#### Task:
Please transcribe exactly, and only, the lines of the data below between the line holding "exists (- k%:Z)" and the line holding "have Hom_mod := Yhom_weak_module", inclusive.

#### Data supplied:
Lemma HomV_eq0_eigvecs g : Hom g -> (forall q, q \in tq -> g q.2 = 0) -> g = 0.
Proof. by move=> g_hom tq0; apply: (HomV_eq0 tq_gen) => // _ /mapP [q /tq0 ? ->]. Qed.

Lemma Yhom_semisimple : semisimple_on Hom (Yh om1 1).
Proof.
move=> f f_hom; case: L_graded => L_ss _ _.
have f_tq q : q \in tq -> eigen_sum L1 (fun _ => True) (f q.2).
  move=> tq_q; apply: (eigen_sum_split (T2 := L2) (mu := q.1)) (L_ss _ I) => //.
  exact: HomV_eigvec f_hom (tq_eigvec tq_q).
have [Lam fLam] := eigen_sum_seq f_tq.
pose Lu := undup Lam.
have f_Lu w : eigen_sum L1 (fun mu => mu \in Lu) (f w).
  apply: (HomV_generated (P := eigen_sum L1 (fun mu => mu \in Lu)) tq_gen f_hom).
  - exact: subspace_eigen_sum.
  - by move=> v n x; apply: eigen_sum_map => // y; rewrite YW_comm.
  - by move=> _ /mapP [q tq_q ->]; apply: eigen_sumW (fLam q tq_q) => mu; rewrite mem_undup.
have f_proj w := eigen_sum_proj (YW1_lin om1 1) (undup_uniq Lam) (f_Lu w).
exists [seq (l, fun w => eig_proj L1 Lu l (f w)) | l <- Lu]; split; last first.
  by apply/funext => w; rewrite big_map fct_sumE; exact: (f_proj w).1.
move=> _ /mapP [l Lu_l ->] /=; split.
  case: f_hom => f_lin f_int; split=> [a x y|v n w].
    by rewrite f_lin eig_proj_linear.
  by rewrite f_int (eig_proj_comm _ _ _ (YW2_lin _ _)) // => y; rewrite YW_comm.
by apply/funext => w; apply: (f_proj w).2.
Qed.

Lemma Yhom_weight_fin_dim h : fin_dim (fun g => Hom g /\ Yh om1 1 g = h *: g).
Proof.
case: L_graded => _ L_fin_dim _.
apply: (fin_dim_joint_injective (phi := fun (q : K * W2) (g : W2 -> W) => g q.2)
  (I := tq)) => [||q tq_q|g [g_hom _]].
- exact: subspace_eigenspace HomV_subspace (Yhom_linear _ _).
- by [].
- have [t Wt] := L_fin_dim (h + q.1); exists t => g [g_hom L1g]; apply: Wt.
  by split=> //; apply: HomV_weight g_hom (tq_eigvec tq_q) L1g.
- exact: HomV_eq0_eigvecs.
Qed.

Lemma Yhom_weight_trunc h : exists N : int, forall n : int, n <= N ->
  forall g, Hom g -> Yh om1 1 g = (h + n%:~R) *: g -> g = 0.
Proof.
case: L_graded => _ _ L_trunc.
pose P (k : nat) (q : K * W2) := forall n : int, n <= - k%:Z -> forall x,
  L1 x + L2 x = (h + q.1 + n%:~R) *: x -> x = 0.
have [k tqP] : exists k, forall q, q \in tq -> P k q.
  apply: seq_uniform_bound => [k k' q kk' Pq n k'n|q _]; first by apply: Pq; lia.
  have [N N0] := L_trunc (h + q.1).
  by exists `|N|%N => n Nn x; apply: N0 => //; lia.
exists (- k%:Z) => n kn g g_hom L1g; apply: HomV_eq0_eigvecs => // q tq_q.
apply: (tqP q tq_q n kn).
by rewrite (HomV_weight g_hom (tq_eigvec tq_q) L1g) addrAC.
Qed.

Lemma Yhom_graded : graded_on Hom (Yh om1 1).
Proof.
split; [exact: Yhom_semisimple | exact: Yhom_weight_fin_dim |].
exact: Yhom_weight_trunc.
Qed.
End Grading.
End HomSpace.

Theorem proposition4p8 (K : numClosedFieldType)
    (V1 : lmodType K) (vac1 om1 : V1) (Y1 : V1 -> int -> V1 -> V1) (c1 : K)
    (V2 : lmodType K) (vac2 om2 : V2) (Y2 : V2 -> int -> V2 -> V2) (c2 : K)
    (hV1 : is_VOA vac1 om1 Y1 c1) (hV2 : is_VOA vac2 om2 Y2 c2)
    (W : lmodType K) (YW1 : V1 -> int -> W -> W) (YW2 : V2 -> int -> W -> W)
    (hW : weak_tensor_module vac1 vac2 Y1 Y2 YW1 YW2)
    (W2 : lmodType K) (Y22 : V2 -> int -> W2 -> W2)
    (hW2 : weak_module vac2 Y2 Y22) (hfg : fin_generated Y22) :
  weak_module_on vac1 Y1 (HomV Y22 YW2) (Yhom (W2:=W2) YW1) /\
  (module_on vac2 om2 Y2 (fun _ => True) Y22 ->
   graded_on (fun _ => True) (fun w => YW1 om1 1 w + YW2 om2 1 w) ->
   (semisimple_on (fun _ => True) (YW1 om1 1) \/
    semisimple_on (fun _ => True) (YW2 om2 1)) ->
   module_on vac1 om1 Y1 (HomV Y22 YW2) (Yhom (W2:=W2) YW1)).
Proof.
case: hW => YW1_mod [_ [_ [YW2_lin _]]] YW_comm.
have {}YW2_lin v n : linear (YW2 v n) by move=> a x y; apply: YW2_lin.
have Y1_trunc u v : exists N : int, forall n, N <= n -> Y1 u n v = 0.
  by case: hV1 => [[_ [_ [_ [_ [Y1_trunc _]]]]] _]; apply: Y1_trunc.
case: hfg => gs gen.
have Hom_mod := Yhom_weak_module YW1_mod YW2_lin YW_comm Y1_trunc gen.
split=> // [[_ [W2_ss _ _]] L_graded _]; split=> //.
have [tq [tq_eigvec tq_gen]] := generated_by_eigvecs gen (fun g _ => W2_ss g I).
exact: (Yhom_graded YW1_mod YW2_lin YW_comm L_graded tq_eigvec tq_gen).
Qed.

#### Solution below:
exists (- k%:Z) => n kn g g_hom L1g; apply: HomV_eq0_eigvecs => // q tq_q.
apply: (tqP q tq_q n kn).
by rewrite (HomV_weight g_hom (tq_eigvec tq_q) L1g) addrAC.
Qed.

Lemma Yhom_graded : graded_on Hom (Yh om1 1).
Proof.
split; [exact: Yhom_semisimple | exact: Yhom_weight_fin_dim |].
exact: Yhom_weight_trunc.
Qed.
End Grading.
End HomSpace.

Theorem proposition4p8 (K : numClosedFieldType)
    (V1 : lmodType K) (vac1 om1 : V1) (Y1 : V1 -> int -> V1 -> V1) (c1 : K)
    (V2 : lmodType K) (vac2 om2 : V2) (Y2 : V2 -> int -> V2 -> V2) (c2 : K)
    (hV1 : is_VOA vac1 om1 Y1 c1) (hV2 : is_VOA vac2 om2 Y2 c2)
    (W : lmodType K) (YW1 : V1 -> int -> W -> W) (YW2 : V2 -> int -> W -> W)
    (hW : weak_tensor_module vac1 vac2 Y1 Y2 YW1 YW2)
    (W2 : lmodType K) (Y22 : V2 -> int -> W2 -> W2)
    (hW2 : weak_module vac2 Y2 Y22) (hfg : fin_generated Y22) :
  weak_module_on vac1 Y1 (HomV Y22 YW2) (Yhom (W2:=W2) YW1) /\
  (module_on vac2 om2 Y2 (fun _ => True) Y22 ->
   graded_on (fun _ => True) (fun w => YW1 om1 1 w + YW2 om2 1 w) ->
   (semisimple_on (fun _ => True) (YW1 om1 1) \/
    semisimple_on (fun _ => True) (YW2 om2 1)) ->
   module_on vac1 om1 Y1 (HomV Y22 YW2) (Yhom (W2:=W2) YW1)).
Proof.
case: hW => YW1_mod [_ [_ [YW2_lin _]]] YW_comm.
have {}YW2_lin v n : linear (YW2 v n) by move=> a x y; apply: YW2_lin.
have Y1_trunc u v : exists N : int, forall n, N <= n -> Y1 u n v = 0.
  by case: hV1 => [[_ [_ [_ [_ [Y1_trunc _]]]]] _]; apply: Y1_trunc.
case: hfg => gs gen.
have Hom_mod := Yhom_weak_module YW1_mod YW2_lin YW_comm Y1_trunc gen.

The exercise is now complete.